Выбрать главу

— Это цинично, отвратительно, все, что ты говоришь!

— Я не люблю Римму, понимаешь, Сашка, не люблю, как не люблю и все стрельцовское, начиная и кончая высокогуманным и высокоинтеллектуальным Василием Алексеевичем. Бродить под ручку с Риммой, танцевать, пить кофе и болтать о чем придется, признаюсь, мне было интересно. Но ведь есть же и пределы, когда надо останавливаться. И было бы, Сашка, куда отвратительнее, циничнее, если бы я стал продолжать свою затянувшуюся — черт! — «дружбу», что ли, с Риммой.

— Ты мог бы раньше остановиться! Если ты это все понимал.

— Да, я понимал. Но и Римма тоже ведь понимала, к чему клонится дело. Как она бегала последние дни за мной! И знаешь, Сашка, тут меня просто захватил спортивный интерес: посмотреть на нее, когда я скажу ей, какая все же она… Ну, что-нибудь вроде «дуры», только помягче. Не могу иначе: девушка!

Маринич сорвался с места, раздраженно отстраняя мелкие веточки, нависшие над скамейкой.

— Так почему… почему же… ты даже не посмотрел на нее?
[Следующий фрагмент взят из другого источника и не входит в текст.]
(* Book graph B_{d,m}: vertices inl i (central clique, i < d) and
   inr j (outer vertices, j < m). *)
Definition book_adj (d m : nat) : rel ('I_d + 'I_m)%type :=
  fun x y =>
    match x, y with
    | inl i, inl j => i != j
    | inl _, inr _ => true
    | inr _, inl _ => true
    | inr _, inr _ => false
    end.

Arguments book_adj d m : clear implicits.

From mathcomp Require Import all_boot all_algebra zify.
Set Implicit Arguments. Unset Strict Implicit. Unset Printing Implicit Defensive.
Import GRing.Theory Num.Theory.

(* Each outer vertex j sees the whole clique colouring x and guesses G j x.
   If every outer vertex is wrong, x lies in the set [survivors y] of clique
   colourings on which all the G j miss the outer colouring y; the clique sees
   y, so it suffices that the clique can guarantee a correct guess on every
   colouring of [survivors y]. *)

Section Hall.
Variables (X Y : finType) (y0 : Y).
Implicit Types (N : X -> {set Y}) (A B : {set X}) (f g : X -> Y).

(* The bipartite graph is given by the neighbourhoods N x of left vertices. *)
Definition nbh N B : {set Y} := \bigcup_(x in B) N x.

Definition hall_condition N A := forall B, B \subset A -> #|B| <= #|nbh N B|.

Definition is_matching N A f :=
  {in A &, injective f} /\ {in A, forall x, f x \in N x}.

Lemma matching_mono N N' A f :
  (forall x, N x \subset N' x) -> is_matching N A f -> is_matching N' A f.
Proof. by move=> sNN' [f_inj fN]; split=> // x /fN; apply/subsetP. Qed.

Lemma matching_glue N A B f g : is_matching N B f ->
  is_matching (fun x => N x :\: f @: B) (A :\: B) g ->
  is_matching N A (fun x => if x \in B then f x else g x).
Proof.
move=> [f_inj fN] [g_inj gN].
have gN' x : x \in A -> x \notin B -> g x \in N x /\ g x \notin f @: B.
  by move=> xA xB; apply/setDP/gN; rewrite in_setD xB.
split=> [x x' xA x'A | x xA] /=; last first.
  by case: ifP => [/fN // | /negbT xB]; case: (gN' x xA xB).
case: ifP => xB; case: ifP => x'B.
- exact: f_inj.
- by move=> fx; have [] := gN' x' x'A (negbT x'B); rewrite -fx imset_f.
- by move=> gx; have [] := gN' x xA (negbT xB); rewrite gx imset_f.
- by apply: g_inj; rewrite in_setD ?xB ?x'B.
Qed.

Lemma hall_condition_tight N A B : B \subset A -> #|nbh N B| <= #|B| ->
  hall_condition N A -> hall_condition (fun x => N x :\: nbh N B) (A :\: B).
Proof.
move=> sBA tightB hallA C; rewrite subsetD => /andP[sCA disCB].
have hallCB : #|C :|: B| <= #|nbh N (C :|: B)| by apply: hallA; rewrite subUset sCA.
have shrunk : nbh N C :\: nbh N B \subset nbh (fun x => N x :\: nbh N B) C.
  apply/subsetP => y /setDP[/bigcupP[x xC yNx] yB].
  by apply/bigcupP; exists x => //; apply/setDP.
move: hallCB (subset_leq_card shrunk).
rewrite /nbh bigcup_setU -/(nbh N C) -/(nbh N B) !cardsU cardsD.
rewrite (disjoint_setI0 disCB) cards0.
have := subset_leq_card (subsetIl (nbh N C) (nbh N B)).
have := subset_leq_card (subsetIr (nbh N C) (nbh N B)).
lia.
Qed.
Почему ты заставил Римму сидеть в кафе в полном одиночестве и лишь догадываться, что все это значит!

— Спортивный интерес у меня уже иссяк, — пожимая плечами, спокойно ответил Мухалатов. — Дело в том, что с этой целью я сегодня под вечер как раз и направился на дачу к Стрельцовым. И представляешь, какие в своем воображении я видел лица? Но тут на пути мне попалась коза. Она исчерпала все.

— Какая коза? При чем здесь коза? — Маринич злился все большё.

— Беленькая, чистенькая коза. На веревке. Чем-то очень похожая на Дон-Кихота и на Василия Алексеевича. А у меня с собой была коробка зефира для Риммы. Она очень любит зефир. И не мог же я начать свой горький разговор, даже не предложив ей сладкого угощения!

— Ну?

— А кроме того, в кармане у меня оказался пакет молотого черного перца. Это предназначалось для Вероники Григорьевны. Обмолвилась как-то: нет в их магазинчике черного перца. Ну вот, я и приготовил зефир с начинкой, предложил козе. Меня давно занимало: какую морду сделает она? Сашка, это надо было видеть! После этого уже не имело никакого смысла идти к Стрельцовым. Коза изобразила сразу всех, все их семейство. Я вижу эту козью морду до сих пор.

— Какая жестокость! Володя, я больше не могу с тобой разговаривать… — И бросился прочь.

Мухалатов тоже вскочил, поймал его за руку:

— Постой! Постой! Да не горячись ты. Это, вероятно, в моем вдохновенном рассказе все получилось таким преувеличенно страшным. А на деле коза прокашлялась, потрясла своим коротким хвостиком и уже через пять минут как ни в чем не бывало принялась щипать зеленую травку. Да ты постой же, ну постой! Вот это-то больше всего меня и убедило в бессмысленности и полной ненужности какого-либо словесного объяснения с Риммой. Как и коза, она сегодня прокашляется, а завтра уже спокойно будет щипать зеленую травку. Пойми, я тоже хочу быть гуманистом.

— Ты только что отстаивал как высшее качество человека правдивость — правдивость во всем. А сам, оказывается, ломал комедию перед Риммой, обманывал девушку, заведомо лгал ей…

— «Это совсем другое» — я повторяю слова великого старца, Толстого Льва.

— Пусти!.. Пусти!.. Все это никак не укладывается у меня в голове, — говорил Маринич, пытаясь высвободить руку. — Римма всегда так хорошо к тебе относилась!

— И я в конкретных условиях из худшего выбрал для нее самое лучшее. Зачем бы я стал Римму бить еще словами?

— Бессовестный! Она о тебе написала такую восторженную статью!

— Она получила за нее гонорар, это ее обычная работа. Кроме того, хорошая статья прибавила ей и авторитет, что важно для молодой журналистки на будущее. Здесь все в полном порядке.

— Как будто статья Риммы тебе не прибавила ничего!

— Так что же, — в голосе Мухалатова появилась ленивая тягучесть, которая у него возникала всегда, когда ему надоедало спорить со своим собеседником и хотелось лишь диктовать самому, — так что же, в уплату, что ли, за эту статью я должен на Римме жениться? Вот это уж получилось бы и вправду совершенно безнравственным и жестоким!

— Не знаю, ну не знаю, Володя… К тебе всегда так хорошо относился Василий Алексеевич. Ты сам, я прекрасно помню, рассказывал, что это именно он подал тебе идею…

Мухалатов перехватил Маринича за плечи, силой посадил, придавил его к скамье.